[What to produce]: Gather every line below where "Section" appears.

[Supplied information]:
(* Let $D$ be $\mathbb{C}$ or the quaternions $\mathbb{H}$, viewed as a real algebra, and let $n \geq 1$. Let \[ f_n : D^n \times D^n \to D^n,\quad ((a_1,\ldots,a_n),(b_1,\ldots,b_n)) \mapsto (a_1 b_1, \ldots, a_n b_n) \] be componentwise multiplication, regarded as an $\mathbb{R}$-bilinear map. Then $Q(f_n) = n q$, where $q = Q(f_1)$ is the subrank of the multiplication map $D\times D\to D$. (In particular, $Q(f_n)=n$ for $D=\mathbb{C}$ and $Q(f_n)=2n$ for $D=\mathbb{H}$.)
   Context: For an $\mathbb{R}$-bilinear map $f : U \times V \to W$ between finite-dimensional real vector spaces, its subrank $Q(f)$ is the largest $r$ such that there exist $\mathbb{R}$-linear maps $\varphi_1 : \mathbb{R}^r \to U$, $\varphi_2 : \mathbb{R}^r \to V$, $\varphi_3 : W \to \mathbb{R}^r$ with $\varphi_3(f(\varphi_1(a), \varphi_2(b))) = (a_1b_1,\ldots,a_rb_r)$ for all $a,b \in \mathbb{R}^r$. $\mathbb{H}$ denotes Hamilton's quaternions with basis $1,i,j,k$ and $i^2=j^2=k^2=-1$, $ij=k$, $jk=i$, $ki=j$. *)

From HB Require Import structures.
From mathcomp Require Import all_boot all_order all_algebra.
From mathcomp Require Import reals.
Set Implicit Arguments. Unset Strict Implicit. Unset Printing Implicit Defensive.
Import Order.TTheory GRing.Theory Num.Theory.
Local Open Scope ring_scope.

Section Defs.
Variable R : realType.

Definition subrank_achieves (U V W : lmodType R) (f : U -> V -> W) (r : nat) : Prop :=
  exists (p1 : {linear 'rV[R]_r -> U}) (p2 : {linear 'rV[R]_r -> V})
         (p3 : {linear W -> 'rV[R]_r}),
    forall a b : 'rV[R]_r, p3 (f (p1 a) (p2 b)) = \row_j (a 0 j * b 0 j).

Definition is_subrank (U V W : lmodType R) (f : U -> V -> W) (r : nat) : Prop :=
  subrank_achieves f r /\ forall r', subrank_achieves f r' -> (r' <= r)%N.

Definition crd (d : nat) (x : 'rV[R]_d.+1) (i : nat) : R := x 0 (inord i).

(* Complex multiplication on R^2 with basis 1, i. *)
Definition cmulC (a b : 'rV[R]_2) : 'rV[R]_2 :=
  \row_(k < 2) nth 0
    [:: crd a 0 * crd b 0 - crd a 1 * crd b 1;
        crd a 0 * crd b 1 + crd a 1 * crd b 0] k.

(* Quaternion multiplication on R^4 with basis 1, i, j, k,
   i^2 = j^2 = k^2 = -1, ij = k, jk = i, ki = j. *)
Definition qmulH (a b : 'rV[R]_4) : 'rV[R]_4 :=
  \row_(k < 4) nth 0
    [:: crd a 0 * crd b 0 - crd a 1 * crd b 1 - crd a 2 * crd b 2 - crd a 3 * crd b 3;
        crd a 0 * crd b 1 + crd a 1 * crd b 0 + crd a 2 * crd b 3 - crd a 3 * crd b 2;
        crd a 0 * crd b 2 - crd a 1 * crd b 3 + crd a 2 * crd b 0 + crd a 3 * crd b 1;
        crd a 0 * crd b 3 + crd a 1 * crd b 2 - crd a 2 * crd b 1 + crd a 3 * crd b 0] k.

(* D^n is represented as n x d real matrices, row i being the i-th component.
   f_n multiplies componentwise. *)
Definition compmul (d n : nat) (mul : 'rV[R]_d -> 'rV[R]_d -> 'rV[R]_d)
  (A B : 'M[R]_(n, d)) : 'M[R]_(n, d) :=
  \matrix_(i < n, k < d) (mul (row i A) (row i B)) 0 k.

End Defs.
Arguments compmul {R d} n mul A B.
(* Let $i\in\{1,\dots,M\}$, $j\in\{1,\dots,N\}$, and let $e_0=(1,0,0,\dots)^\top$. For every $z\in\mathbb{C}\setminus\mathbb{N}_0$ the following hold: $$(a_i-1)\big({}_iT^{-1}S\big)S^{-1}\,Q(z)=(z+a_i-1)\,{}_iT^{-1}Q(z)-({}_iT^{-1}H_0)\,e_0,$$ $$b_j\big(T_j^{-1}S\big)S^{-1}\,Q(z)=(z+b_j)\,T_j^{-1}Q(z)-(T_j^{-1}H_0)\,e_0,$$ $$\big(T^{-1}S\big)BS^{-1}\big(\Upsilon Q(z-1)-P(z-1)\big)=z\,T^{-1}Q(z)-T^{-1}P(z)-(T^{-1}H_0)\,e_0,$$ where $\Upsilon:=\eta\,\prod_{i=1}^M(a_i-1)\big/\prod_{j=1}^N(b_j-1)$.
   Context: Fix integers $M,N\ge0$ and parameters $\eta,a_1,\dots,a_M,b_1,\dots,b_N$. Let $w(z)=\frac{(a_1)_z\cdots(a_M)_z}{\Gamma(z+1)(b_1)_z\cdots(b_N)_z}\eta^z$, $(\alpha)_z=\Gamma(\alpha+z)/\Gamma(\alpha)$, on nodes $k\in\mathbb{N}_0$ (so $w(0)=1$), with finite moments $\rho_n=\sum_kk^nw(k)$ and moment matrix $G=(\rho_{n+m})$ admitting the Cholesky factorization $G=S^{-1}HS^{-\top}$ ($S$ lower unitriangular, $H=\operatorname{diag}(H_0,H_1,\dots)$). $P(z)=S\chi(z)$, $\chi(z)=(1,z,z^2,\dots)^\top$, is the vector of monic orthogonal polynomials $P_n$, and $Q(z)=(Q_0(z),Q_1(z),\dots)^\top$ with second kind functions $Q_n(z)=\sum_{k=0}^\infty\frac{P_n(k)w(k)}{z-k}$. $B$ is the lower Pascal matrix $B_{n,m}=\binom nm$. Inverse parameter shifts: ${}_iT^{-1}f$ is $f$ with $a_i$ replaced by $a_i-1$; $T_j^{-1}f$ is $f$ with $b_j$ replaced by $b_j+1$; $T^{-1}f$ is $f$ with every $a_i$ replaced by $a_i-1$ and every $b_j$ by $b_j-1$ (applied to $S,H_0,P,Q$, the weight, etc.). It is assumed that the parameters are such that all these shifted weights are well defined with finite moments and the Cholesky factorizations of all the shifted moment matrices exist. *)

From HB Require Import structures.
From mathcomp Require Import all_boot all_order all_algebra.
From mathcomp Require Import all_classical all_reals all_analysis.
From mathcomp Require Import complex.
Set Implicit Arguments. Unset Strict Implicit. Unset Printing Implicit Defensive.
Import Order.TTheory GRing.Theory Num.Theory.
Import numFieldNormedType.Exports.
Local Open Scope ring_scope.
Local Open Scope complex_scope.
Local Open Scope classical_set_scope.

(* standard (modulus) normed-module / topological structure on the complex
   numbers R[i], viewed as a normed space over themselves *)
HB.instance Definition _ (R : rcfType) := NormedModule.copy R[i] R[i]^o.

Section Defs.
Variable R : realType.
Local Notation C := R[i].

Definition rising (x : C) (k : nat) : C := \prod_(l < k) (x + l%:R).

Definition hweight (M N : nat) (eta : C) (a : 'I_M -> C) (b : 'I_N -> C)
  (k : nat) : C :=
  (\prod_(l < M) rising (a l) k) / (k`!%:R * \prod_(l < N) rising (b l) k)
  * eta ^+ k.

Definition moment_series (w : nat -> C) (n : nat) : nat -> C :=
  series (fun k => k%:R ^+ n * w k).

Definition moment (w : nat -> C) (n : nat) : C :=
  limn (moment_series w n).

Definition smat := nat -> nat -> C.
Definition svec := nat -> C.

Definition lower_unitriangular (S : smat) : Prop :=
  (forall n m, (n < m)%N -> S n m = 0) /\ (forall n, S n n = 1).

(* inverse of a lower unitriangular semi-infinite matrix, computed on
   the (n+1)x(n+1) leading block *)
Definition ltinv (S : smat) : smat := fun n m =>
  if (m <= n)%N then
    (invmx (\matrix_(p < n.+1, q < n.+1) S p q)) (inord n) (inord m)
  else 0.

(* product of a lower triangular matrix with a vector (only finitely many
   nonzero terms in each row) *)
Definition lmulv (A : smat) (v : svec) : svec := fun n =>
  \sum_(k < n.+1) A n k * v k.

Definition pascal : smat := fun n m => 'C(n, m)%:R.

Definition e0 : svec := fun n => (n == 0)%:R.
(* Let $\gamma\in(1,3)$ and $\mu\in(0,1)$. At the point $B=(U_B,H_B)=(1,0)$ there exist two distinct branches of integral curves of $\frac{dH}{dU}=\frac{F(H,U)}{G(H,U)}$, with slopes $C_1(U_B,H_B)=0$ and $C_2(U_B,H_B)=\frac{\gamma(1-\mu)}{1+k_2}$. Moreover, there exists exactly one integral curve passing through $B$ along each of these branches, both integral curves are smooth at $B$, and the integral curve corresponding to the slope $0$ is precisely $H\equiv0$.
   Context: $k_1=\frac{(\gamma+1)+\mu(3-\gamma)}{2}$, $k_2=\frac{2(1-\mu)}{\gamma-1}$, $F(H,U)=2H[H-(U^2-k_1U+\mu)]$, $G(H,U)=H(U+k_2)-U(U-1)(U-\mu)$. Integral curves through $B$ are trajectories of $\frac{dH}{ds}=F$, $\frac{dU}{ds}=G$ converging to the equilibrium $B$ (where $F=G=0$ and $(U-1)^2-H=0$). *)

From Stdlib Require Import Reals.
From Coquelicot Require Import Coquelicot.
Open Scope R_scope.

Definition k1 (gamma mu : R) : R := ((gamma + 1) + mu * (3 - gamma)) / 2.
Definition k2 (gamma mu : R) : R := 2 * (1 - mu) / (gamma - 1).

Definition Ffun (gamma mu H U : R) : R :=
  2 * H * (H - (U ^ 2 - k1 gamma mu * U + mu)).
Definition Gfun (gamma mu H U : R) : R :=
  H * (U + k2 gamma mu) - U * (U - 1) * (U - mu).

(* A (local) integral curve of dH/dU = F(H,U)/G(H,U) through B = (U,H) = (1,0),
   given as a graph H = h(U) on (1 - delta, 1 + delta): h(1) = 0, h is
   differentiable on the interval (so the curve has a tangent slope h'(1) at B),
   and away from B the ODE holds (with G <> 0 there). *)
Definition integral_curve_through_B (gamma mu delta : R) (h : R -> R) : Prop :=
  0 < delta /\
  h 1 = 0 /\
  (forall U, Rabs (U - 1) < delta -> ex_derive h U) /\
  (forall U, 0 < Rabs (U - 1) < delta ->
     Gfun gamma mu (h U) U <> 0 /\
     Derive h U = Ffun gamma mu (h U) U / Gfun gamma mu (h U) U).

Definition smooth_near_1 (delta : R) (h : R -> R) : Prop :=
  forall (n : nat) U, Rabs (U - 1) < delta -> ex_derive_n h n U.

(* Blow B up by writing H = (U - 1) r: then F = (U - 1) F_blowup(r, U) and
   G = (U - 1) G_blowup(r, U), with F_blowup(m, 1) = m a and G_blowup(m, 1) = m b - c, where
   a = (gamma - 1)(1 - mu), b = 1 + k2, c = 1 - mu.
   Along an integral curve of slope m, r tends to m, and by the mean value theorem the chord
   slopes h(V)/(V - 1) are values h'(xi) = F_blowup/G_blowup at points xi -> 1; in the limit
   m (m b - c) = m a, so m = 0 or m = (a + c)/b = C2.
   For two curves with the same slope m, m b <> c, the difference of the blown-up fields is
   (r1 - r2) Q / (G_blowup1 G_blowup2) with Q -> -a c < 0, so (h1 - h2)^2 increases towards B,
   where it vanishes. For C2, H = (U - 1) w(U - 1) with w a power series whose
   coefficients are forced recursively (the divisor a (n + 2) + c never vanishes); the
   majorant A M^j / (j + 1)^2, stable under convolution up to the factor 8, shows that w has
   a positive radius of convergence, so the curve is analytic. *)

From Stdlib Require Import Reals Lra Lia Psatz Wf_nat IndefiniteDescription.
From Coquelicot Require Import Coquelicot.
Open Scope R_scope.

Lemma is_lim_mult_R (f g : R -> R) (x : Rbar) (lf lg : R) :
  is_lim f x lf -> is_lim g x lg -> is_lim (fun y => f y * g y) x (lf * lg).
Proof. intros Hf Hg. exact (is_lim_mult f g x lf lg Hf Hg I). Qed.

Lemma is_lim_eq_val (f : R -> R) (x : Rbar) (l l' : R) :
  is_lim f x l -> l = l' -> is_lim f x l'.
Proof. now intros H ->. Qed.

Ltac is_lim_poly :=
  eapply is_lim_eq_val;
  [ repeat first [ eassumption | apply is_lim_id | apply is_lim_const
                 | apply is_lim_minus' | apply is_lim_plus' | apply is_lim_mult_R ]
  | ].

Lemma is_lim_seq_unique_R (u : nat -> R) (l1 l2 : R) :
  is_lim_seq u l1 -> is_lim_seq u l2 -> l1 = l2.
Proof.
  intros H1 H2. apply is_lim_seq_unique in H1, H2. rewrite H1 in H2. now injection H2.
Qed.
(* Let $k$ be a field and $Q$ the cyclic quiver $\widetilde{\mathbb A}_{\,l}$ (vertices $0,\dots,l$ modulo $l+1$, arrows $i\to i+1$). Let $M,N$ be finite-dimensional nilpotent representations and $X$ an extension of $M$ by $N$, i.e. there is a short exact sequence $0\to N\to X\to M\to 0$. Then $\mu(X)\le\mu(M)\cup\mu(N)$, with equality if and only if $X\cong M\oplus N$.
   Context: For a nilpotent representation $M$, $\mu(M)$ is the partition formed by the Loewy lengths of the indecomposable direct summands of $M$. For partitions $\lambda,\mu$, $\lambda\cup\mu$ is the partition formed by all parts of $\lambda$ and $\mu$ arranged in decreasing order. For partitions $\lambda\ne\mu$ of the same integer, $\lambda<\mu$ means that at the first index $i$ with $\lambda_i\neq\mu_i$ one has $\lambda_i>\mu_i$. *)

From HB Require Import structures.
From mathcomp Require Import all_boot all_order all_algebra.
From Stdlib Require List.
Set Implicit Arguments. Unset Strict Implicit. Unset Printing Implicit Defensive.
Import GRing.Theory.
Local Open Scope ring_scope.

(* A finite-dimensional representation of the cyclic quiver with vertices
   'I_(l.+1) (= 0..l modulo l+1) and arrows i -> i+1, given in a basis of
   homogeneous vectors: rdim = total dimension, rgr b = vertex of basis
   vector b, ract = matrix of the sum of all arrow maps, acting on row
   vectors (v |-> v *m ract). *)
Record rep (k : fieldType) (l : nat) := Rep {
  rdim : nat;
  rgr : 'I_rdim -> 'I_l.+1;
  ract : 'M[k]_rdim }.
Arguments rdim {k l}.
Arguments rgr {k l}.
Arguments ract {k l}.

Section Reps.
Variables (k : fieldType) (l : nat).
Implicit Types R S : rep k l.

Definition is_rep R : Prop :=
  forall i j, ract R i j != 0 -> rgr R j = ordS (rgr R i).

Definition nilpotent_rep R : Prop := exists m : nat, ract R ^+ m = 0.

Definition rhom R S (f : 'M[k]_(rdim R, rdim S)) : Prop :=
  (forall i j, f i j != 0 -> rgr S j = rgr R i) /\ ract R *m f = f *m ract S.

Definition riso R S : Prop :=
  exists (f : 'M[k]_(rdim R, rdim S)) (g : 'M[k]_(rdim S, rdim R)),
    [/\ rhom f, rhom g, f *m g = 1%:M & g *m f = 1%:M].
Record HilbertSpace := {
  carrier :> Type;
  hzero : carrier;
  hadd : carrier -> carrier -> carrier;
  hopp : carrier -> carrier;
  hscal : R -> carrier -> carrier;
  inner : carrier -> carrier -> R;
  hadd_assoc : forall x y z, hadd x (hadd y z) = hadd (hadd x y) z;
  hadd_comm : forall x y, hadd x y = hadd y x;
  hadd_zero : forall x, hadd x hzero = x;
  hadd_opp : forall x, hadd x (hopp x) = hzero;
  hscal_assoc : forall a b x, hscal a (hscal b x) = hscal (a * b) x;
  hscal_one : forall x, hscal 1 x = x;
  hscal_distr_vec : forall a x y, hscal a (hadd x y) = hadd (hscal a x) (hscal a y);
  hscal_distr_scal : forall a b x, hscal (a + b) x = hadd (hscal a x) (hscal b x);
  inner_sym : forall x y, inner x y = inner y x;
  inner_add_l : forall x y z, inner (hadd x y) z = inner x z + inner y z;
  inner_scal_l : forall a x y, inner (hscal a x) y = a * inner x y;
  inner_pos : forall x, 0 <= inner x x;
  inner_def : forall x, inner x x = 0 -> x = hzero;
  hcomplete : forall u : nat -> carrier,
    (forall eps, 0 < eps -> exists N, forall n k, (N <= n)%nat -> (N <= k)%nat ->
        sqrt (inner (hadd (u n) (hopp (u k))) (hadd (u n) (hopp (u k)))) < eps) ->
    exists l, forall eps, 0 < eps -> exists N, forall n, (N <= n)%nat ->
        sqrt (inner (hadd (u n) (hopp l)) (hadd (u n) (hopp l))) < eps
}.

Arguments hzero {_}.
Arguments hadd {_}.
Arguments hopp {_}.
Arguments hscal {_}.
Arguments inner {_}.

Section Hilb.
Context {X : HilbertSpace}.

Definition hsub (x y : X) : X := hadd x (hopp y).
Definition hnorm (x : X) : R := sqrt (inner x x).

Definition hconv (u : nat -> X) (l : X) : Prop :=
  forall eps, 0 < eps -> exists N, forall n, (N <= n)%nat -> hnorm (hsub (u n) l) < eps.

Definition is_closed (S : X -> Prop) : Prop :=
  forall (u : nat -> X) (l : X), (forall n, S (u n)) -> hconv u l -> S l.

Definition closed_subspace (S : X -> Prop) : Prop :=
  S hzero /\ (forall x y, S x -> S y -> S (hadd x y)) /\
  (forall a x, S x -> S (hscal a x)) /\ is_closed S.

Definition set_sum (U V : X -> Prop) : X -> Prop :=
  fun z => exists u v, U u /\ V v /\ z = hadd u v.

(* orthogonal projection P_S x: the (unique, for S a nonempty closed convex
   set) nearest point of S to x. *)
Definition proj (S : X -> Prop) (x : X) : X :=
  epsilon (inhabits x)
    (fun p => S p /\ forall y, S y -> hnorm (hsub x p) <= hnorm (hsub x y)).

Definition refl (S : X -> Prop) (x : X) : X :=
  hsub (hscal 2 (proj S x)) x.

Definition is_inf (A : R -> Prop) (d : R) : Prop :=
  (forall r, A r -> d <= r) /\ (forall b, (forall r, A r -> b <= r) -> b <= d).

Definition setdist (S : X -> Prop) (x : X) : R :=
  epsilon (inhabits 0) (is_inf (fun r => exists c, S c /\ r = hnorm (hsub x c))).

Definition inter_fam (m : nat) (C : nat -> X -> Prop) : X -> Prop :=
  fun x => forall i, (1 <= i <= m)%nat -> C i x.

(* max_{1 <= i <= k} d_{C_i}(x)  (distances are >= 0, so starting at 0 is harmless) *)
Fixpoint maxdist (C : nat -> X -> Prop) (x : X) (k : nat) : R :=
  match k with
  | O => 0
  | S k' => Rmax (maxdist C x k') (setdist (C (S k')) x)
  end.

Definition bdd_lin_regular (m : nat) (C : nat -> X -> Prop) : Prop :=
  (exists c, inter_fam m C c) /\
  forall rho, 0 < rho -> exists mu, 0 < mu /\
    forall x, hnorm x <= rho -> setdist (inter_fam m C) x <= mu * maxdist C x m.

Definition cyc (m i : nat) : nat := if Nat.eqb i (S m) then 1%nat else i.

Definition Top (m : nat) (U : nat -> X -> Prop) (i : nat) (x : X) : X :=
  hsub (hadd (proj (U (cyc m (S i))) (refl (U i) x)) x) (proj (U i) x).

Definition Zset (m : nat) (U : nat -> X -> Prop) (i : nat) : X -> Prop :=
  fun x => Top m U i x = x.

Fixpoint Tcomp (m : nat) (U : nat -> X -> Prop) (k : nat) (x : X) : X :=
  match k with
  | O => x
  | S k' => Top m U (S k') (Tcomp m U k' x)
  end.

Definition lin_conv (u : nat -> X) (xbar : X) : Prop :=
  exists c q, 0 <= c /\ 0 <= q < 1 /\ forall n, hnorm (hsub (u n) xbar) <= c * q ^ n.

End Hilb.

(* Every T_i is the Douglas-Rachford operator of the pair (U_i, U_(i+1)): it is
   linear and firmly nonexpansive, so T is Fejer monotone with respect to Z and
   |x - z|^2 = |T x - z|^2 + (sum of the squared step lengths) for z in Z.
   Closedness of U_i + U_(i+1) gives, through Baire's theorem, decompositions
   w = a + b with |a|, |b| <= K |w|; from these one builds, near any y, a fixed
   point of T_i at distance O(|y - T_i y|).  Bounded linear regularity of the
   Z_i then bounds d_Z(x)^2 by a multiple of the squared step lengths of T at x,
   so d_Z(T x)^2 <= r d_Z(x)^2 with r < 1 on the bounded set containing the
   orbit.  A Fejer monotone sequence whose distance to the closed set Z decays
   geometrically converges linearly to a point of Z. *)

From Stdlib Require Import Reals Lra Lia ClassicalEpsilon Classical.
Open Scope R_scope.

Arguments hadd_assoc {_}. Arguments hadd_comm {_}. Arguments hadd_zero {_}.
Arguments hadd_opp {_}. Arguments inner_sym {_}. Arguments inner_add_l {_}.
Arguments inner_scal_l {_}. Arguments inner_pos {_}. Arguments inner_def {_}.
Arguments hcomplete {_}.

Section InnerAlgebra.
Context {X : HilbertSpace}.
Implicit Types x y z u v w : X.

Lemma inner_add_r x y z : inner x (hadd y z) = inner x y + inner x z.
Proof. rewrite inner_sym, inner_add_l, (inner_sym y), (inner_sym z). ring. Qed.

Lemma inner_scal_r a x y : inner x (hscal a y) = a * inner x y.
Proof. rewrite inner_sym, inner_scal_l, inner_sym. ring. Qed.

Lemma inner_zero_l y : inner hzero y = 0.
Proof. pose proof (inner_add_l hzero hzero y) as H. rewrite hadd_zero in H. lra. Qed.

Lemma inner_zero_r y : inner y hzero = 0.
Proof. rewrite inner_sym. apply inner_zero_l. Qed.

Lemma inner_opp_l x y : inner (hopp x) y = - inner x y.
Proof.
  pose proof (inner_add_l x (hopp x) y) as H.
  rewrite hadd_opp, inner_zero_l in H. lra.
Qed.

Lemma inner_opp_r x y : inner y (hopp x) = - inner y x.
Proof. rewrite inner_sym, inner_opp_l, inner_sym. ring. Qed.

[Output below]:
Section Defs.
Section Defs.
Section Reps.
Section Hilb.
Section InnerAlgebra.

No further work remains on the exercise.